Task objective >> Return the lines below in which the string "Section" occurs.
=== Material to process ===
(* Let $P$ be a set of $n$ points in the plane in convex position, let $S$ be an optimal dominating set of $G(P)$ with $k=|S|$, let $\phi:\mathcal{A}\rightarrow S$ be an assignment satisfying properties (1)–(3) below, and let $(p_i,p_j)$ be a decoupling pair for $\phi$. Properties: (1) $\phi$ is line separable; (2) each center $p\in S$ is assigned at most two sublists, one of which contains $p$; (3) for any center $p_a$ assigned a second sublist $\beta_a$ (not containing $p_a$), there exist $p_t\in\beta_a$ and centers $q_1,q_2\in S$ with $q_1\in P(a,t)$, $q_2\in P(t,a)$, $p_t\notin D_{q_1}$, $p_t\notin D_{q_2}$. Then there exists an ordering $p_{i_1},p_{i_2},\ldots,p_{i_k}$ of all centers of $S$ such that: (i) $p_{i_1}=p_i$ and $p_{i_k}=p_j$; (ii) the sequence of centers of $S$ having at least one sublist in $P[i,j]$, ordered by the positions of their sublists along $P[i,j]$ from $p_i$ to $p_j$, is a (not necessarily contiguous) subsequence of the ordering, and likewise the sequence of centers having at least one sublist in $P[j,i]$, ordered by the positions of their sublists along $P[j,i]$ from $p_i$ to $p_j$, is a subsequence of the ordering; (iii) for every $1\le t\le k$, the union $\bigcup_{l=1}^{t}G_{i_l}$ of the groups of the first $t$ centers is a sublist of $P$; (iv) for every $2\le t\le k$, $\bigcup_{l=1}^{t-1}G_{i_l}\subseteq\bigcup_{l=1}^{t}G_{i_l}$; (v) for every $1\le t\le k$, each sublist assigned to $p_{i_t}$ appears at one end of $\bigcup_{l=1}^{t}G_{i_l}$ (for $t=k$ this union is the whole cyclic list, which is viewed as a list by cutting it right after the clockwise endpoint of $G_{i_k}$).
   Context: $P$ is in convex position (every point is a hull vertex), no three points collinear, no four cocircular; $P$ is the cyclic list $\langle p_1,\dots,p_n\rangle$ counterclockwise along the hull. A sublist is a contiguous subsequence of the cyclic list. $P[i,j]$ is the sublist from $p_i$ counterclockwise to $p_j$ inclusive; $P(i,j)$ excludes $p_i,p_j$. $D_p$ is the closed unit disk centered at $p$. $G(P)$ has an edge between two points of $P$ iff their distance is at most $1$. A dominating set $S\subseteq P$: every point of $P$ is in $S$ or within distance $1$ of a point of $S$; its points are centers. Optimal dominating set: the points carry positive weights and $S$ is a dominating set of minimum total weight (unit weights give the minimum-cardinality case). A partition $\mathcal{A}$ of $P$ is a partition of the cyclic list into consecutive nonempty disjoint sublists. An assignment $\phi:\mathcal{A}\to S$ maps each sublist $\alpha$ to one center $p$ with $\alpha\subseteq D_p$; the group $G_p$ (written $G_{i_l}$ for $p=p_{i_l}$) is the set of points in sublists assigned to $p$. $\phi$ is line separable if for every two distinct centers some line has the points of one group on one side or on the line and those of the other group strictly on the other side. A decoupling pair is a pair of centers $(p_i,p_j)$ such that each of $p_i,p_j$ is assigned only one sublist, and every center assigned two sublists has one in $P(i,j)$ and the other in $P(j,i)$. *)

From HB Require Import structures.
From mathcomp Require Import all_boot all_order all_algebra.
From mathcomp Require Import reals.

Set Implicit Arguments.
Unset Strict Implicit.
Unset Printing Implicit Defensive.

Import Order.TTheory GRing.Theory Num.Theory.
Local Open Scope ring_scope.

Section Defs.
Variable R : realType.
Variable n : nat.
Variable p : 'I_n -> R * R.

Definition dist2 (u v : R * R) : R := (u.1 - v.1) ^+ 2 + (u.2 - v.2) ^+ 2.

Definition orient (u v w : R * R) : R :=
  (v.1 - u.1) * (w.2 - u.2) - (v.2 - u.2) * (w.1 - u.1).

Definition in_hull_of_others (a : 'I_n) : Prop :=
  exists lam : 'I_n -> R,
    [/\ forall b, 0 <= lam b, lam a = 0, \sum_b lam b = 1,
        \sum_b lam b * (p b).1 = (p a).1 & \sum_b lam b * (p b).2 = (p a).2].

Definition cocircular4 (a b c d : 'I_n) : Prop :=
  exists (cx cy r : R), forall x, x \in [:: a; b; c; d] ->
    ((p x).1 - cx) ^+ 2 + ((p x).2 - cy) ^+ 2 = r.

(* Standing assumptions: convex position (every point a hull vertex),
   no three collinear, no four cocircular, indices listed counterclockwise. *)
Definition standing_assumptions : Prop :=
  [/\ forall a, ~ in_hull_of_others a,
      forall a b c : 'I_n, a != b -> b != c -> a != c -> orient (p a) (p b) (p c) != 0,
      forall a b c d : 'I_n, uniq [:: a; b; c; d] -> ~ cocircular4 a b c d
    & forall a b c : 'I_n, (a < b < c)%N -> 0 < orient (p a) (p b) (p c)].

Definition in_disk (c x : 'I_n) : bool := dist2 (p c) (p x) <= 1.

Definition gedge (a b : 'I_n) : bool := (a != b) && (dist2 (p a) (p b) <= 1).

Definition dominating (S : {set 'I_n}) : Prop :=
  forall x : 'I_n, x \in S \/ exists2 s, s \in S & gedge s x.

Definition optimal_dominating (w : 'I_n -> R) (S : {set 'I_n}) : Prop :=
  dominating S /\
  forall T : {set 'I_n}, dominating T -> \sum_(x in S) w x <= \sum_(x in T) w x.

Definition off (s x : 'I_n) : nat := ((x + n - s) %% n)%N.

(* the sublist starting at (the index) s %% n of length len (counterclockwise) *)
Definition arc (s len : nat) : {set 'I_n} :=
  [set x : 'I_n | ((x + n - s %% n) %% n < len)%N].

Definition is_sublist (U : {set 'I_n}) : Prop :=
  exists s len : nat, [/\ (0 < len <= n)%N & U = arc s len].

Definition Pcc (i j : 'I_n) : {set 'I_n} := arc i (off i j).+1.
Definition Poo (i j : 'I_n) : {set 'I_n} :=
  [set x : 'I_n | (0 < off i x < off i j)%N].

Definition walk (i j : 'I_n) : seq 'I_n :=
  [seq insubd i ((i + m) %% n)%N | m <- iota 0 (off i j).+1].

Variable A : {set {set 'I_n}}.
Variable phi : {set 'I_n} -> 'I_n.
Variable S : {set 'I_n}.

Definition is_partition : Prop :=
  partition A [set: 'I_n] /\ forall B, B \in A -> is_sublist B.

Definition is_assignment : Prop :=
  forall B, B \in A -> phi B \in S /\ (forall x, x \in B -> in_disk (phi B) x).

Definition assigned (c : 'I_n) : {set {set 'I_n}} := [set B in A | phi B == c].
Definition group (c : 'I_n) : {set 'I_n} := \bigcup_(B in assigned c) B.

Definition weakly_sep (X Y : {set 'I_n}) : Prop :=
  exists (al be ga : R), [/\ (al != 0) || (be != 0),
    forall x, x \in X -> al * (p x).1 + be * (p x).2 <= ga
  & forall y, y \in Y -> ga < al * (p y).1 + be * (p y).2].

Definition line_separable : Prop :=
  forall c d, c \in S -> d \in S -> c != d ->
    weakly_sep (group c) (group d) \/ weakly_sep (group d) (group c).

Definition property2 : Prop :=
  forall c, c \in S -> (#|assigned c| <= 2)%N /\
    exists2 B, B \in assigned c & c \in B.

Definition property3 : Prop :=
  forall a B, a \in S -> B \in assigned a -> a \notin B ->
    exists2 t, t \in B & exists q1 q2,
      [/\ q1 \in S, q2 \in S, q1 \in Poo a t & q2 \in Poo t a] /\
      ~~ in_disk q1 t /\ ~~ in_disk q2 t.

Definition decoupling_pair (i j : 'I_n) : Prop :=
  [/\ i \in S, j \in S, i != j, #|assigned i| = 1%N /\ #|assigned j| = 1%N &
      forall c, c \in S -> #|assigned c| = 2%N ->
        exists B1 B2, [/\ B1 \in assigned c, B2 \in assigned c,
                          B1 \subset Poo i j & B2 \subset Poo j i]].

Definition centers_along (i j : 'I_n) : seq 'I_n :=
  [seq phi B | B <- undup [seq pblock A x | x <- walk i j & pblock A x \subset Pcc i j]].

Definition prefix_union (ord : seq 'I_n) (t : nat) : {set 'I_n} :=
  \bigcup_(c <- take t ord) group c.

(* B appears at one end of the sublist U (read as a list; when U is the whole
   cyclic list any cut point s is allowed) *)
Definition at_one_end (B U : {set 'I_n}) : Prop :=
  exists s len m : nat, [/\ (0 < len <= n)%N, (0 < m <= len)%N, U = arc s len &
    B = arc s m \/ B = arc (s + len - m)%N m].

End Defs.

(* Positions are measured counterclockwise from p_i. The sublist of p_i is the
   complement of a window [m0, r) of positions and the sublist of p_j is a window
   [ja, jb) inside [m0, r). Centers are peeled off one at a time, keeping the union of
   the groups peeled so far equal to the complement of a gap [L, Q) around
   [ja, jb). The decoupling pair leaves every other center at most one sublist on
   each side of [ja, jb), and the center owning position L or the one owning
   position Q - 1 always has its sublists at the ends of the gap: otherwise the two
   groups would alternate around the convex polygon, which line separability
   forbids. Peeling ends with p_j. Property (ii) holds because every prefix union
   is a sublist containing p_i but not p_j. *)

From Pilot Require Import Defs.
From HB Require Import structures.
From mathcomp Require Import all_boot all_order all_algebra.
From mathcomp Require Import reals.
From mathcomp Require Import ring lra zify.
Import Order.TTheory GRing.Theory Num.Theory.

Set Implicit Arguments.
Unset Strict Implicit.
Unset Printing Implicit Defensive.

Section CyclicOffsets.
Variable n : nat.
Implicit Types (s v x y z : 'I_n) (m k len lo hi L Q : nat).

Lemma offE s x : off s x = if s <= x then x - s else x + n - s.
Proof.
have xn := ltn_ord x; have sn := ltn_ord s; rewrite /off.
case: ifP => sx; last by rewrite modn_small //; lia.
have -> : x + n - s = (x - s) + n by lia.
by rewrite modnDr modn_small //; lia.
Qed.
===
Output of the task >>
Section Defs.
Section CyclicOffsets.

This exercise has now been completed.